-- Work item --
Some entries follow. Reproduce exactly the lines starting at the one with "g = wsem z2 g." and stopping after the one with "Hypotheses (addA : associative".
-----
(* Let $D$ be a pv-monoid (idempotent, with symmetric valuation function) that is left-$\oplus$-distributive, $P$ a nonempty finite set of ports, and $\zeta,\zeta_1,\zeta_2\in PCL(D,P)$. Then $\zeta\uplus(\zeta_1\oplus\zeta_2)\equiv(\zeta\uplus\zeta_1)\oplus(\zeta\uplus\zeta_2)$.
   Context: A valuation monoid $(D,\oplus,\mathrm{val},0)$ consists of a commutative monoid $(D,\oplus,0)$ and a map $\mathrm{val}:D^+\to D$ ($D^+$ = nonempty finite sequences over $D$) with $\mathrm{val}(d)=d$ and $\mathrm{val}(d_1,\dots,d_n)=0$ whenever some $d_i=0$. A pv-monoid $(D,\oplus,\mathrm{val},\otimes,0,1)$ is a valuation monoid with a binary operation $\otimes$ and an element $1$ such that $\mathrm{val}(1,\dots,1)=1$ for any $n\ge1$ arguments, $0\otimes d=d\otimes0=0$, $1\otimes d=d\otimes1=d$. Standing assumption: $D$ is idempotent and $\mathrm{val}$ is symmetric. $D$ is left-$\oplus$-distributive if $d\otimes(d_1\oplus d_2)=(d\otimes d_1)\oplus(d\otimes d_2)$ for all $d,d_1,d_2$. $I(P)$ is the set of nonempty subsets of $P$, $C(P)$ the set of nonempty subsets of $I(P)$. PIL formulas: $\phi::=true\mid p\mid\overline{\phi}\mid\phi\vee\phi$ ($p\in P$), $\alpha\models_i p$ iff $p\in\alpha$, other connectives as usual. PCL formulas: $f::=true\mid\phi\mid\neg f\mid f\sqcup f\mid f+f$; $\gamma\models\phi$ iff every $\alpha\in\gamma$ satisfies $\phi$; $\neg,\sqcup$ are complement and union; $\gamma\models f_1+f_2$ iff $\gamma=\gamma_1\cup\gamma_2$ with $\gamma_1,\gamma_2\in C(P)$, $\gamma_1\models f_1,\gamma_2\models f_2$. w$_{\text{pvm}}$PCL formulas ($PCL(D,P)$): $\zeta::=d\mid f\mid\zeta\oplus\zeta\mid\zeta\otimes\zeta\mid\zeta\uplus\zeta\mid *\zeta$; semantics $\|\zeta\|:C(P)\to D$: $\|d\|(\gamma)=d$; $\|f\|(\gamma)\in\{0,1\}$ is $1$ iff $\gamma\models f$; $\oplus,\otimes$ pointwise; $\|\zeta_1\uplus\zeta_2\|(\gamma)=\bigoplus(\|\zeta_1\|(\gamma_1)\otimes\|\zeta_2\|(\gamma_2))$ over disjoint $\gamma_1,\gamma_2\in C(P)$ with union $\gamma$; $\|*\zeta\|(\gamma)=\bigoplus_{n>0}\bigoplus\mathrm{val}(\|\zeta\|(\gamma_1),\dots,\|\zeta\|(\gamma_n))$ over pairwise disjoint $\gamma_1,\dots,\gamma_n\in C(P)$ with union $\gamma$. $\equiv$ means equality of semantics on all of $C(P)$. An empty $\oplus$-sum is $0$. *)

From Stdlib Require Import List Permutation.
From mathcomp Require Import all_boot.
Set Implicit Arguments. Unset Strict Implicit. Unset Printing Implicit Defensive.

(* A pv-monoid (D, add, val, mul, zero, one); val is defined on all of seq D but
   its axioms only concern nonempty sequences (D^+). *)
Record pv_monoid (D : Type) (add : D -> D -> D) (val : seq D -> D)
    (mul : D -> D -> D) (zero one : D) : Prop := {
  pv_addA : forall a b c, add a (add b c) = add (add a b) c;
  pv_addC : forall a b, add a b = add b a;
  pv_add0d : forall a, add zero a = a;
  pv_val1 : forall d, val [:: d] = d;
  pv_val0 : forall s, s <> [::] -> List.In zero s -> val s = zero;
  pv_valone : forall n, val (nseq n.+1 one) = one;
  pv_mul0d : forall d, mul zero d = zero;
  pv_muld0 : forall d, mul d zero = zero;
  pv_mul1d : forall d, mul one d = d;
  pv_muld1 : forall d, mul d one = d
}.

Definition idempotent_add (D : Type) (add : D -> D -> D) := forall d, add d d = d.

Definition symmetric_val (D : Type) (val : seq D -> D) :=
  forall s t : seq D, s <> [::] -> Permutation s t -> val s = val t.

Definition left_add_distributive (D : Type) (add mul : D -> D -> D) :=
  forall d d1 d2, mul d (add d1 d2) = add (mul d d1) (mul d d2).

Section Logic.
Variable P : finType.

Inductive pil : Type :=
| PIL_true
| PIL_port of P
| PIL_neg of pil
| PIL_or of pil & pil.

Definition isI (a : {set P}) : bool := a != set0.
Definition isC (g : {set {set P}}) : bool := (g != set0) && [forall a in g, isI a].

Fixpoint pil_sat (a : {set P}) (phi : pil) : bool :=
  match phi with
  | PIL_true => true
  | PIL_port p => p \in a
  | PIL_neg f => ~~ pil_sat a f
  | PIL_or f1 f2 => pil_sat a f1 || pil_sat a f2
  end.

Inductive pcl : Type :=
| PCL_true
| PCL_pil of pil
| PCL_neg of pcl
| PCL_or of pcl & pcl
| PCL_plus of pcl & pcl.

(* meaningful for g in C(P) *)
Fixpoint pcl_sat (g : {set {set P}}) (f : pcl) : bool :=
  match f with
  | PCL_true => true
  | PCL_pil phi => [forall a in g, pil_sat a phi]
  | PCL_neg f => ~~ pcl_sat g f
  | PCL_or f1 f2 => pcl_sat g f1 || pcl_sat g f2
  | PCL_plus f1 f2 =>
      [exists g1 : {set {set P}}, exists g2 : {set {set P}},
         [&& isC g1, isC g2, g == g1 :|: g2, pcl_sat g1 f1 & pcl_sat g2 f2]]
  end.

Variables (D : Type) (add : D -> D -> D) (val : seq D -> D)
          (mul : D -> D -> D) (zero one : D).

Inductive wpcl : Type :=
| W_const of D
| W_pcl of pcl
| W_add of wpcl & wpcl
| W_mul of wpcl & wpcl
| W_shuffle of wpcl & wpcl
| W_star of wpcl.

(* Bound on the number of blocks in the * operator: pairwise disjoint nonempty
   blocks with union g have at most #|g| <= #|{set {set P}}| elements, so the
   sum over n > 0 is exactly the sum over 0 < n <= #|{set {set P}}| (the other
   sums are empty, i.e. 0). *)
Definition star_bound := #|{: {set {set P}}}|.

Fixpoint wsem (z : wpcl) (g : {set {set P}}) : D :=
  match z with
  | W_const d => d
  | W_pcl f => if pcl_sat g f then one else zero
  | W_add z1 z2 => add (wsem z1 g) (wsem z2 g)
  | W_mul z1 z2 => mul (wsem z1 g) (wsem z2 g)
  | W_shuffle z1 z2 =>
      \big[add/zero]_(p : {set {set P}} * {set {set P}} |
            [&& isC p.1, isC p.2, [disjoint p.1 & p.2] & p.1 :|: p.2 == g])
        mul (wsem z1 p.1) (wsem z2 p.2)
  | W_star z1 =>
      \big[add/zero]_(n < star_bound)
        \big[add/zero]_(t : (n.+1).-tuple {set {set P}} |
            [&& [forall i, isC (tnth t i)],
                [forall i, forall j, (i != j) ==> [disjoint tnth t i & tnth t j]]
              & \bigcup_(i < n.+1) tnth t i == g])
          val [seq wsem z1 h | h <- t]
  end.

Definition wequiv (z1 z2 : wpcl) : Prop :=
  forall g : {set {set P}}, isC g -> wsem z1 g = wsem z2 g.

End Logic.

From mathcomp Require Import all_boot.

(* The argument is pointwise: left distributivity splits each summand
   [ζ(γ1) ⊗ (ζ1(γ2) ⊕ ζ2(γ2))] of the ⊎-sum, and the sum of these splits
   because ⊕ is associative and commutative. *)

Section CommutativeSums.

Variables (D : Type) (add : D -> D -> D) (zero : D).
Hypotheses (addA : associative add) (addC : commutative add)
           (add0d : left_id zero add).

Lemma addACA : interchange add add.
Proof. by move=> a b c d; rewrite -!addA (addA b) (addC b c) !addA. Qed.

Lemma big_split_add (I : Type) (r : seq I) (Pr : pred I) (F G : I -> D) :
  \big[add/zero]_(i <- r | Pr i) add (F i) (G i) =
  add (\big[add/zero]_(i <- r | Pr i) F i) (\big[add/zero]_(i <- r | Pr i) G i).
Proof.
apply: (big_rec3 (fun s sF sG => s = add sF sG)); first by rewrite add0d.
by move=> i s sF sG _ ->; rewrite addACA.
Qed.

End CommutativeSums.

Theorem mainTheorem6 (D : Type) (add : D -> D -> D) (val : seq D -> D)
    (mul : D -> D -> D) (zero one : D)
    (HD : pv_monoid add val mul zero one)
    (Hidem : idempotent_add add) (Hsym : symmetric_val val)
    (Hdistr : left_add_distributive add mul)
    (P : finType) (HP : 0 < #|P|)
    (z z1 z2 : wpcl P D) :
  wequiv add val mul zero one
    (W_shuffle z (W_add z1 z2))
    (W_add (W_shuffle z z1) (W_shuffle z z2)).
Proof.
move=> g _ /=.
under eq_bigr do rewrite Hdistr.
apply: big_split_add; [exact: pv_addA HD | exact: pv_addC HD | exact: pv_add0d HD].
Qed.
-----
-- Written answer --
  forall g : {set {set P}}, isC g -> wsem z1 g = wsem z2 g.

End Logic.

From mathcomp Require Import all_boot.

(* The argument is pointwise: left distributivity splits each summand
   [ζ(γ1) ⊗ (ζ1(γ2) ⊕ ζ2(γ2))] of the ⊎-sum, and the sum of these splits
   because ⊕ is associative and commutative. *)

Section CommutativeSums.

Variables (D : Type) (add : D -> D -> D) (zero : D).
Hypotheses (addA : associative add) (addC : commutative add)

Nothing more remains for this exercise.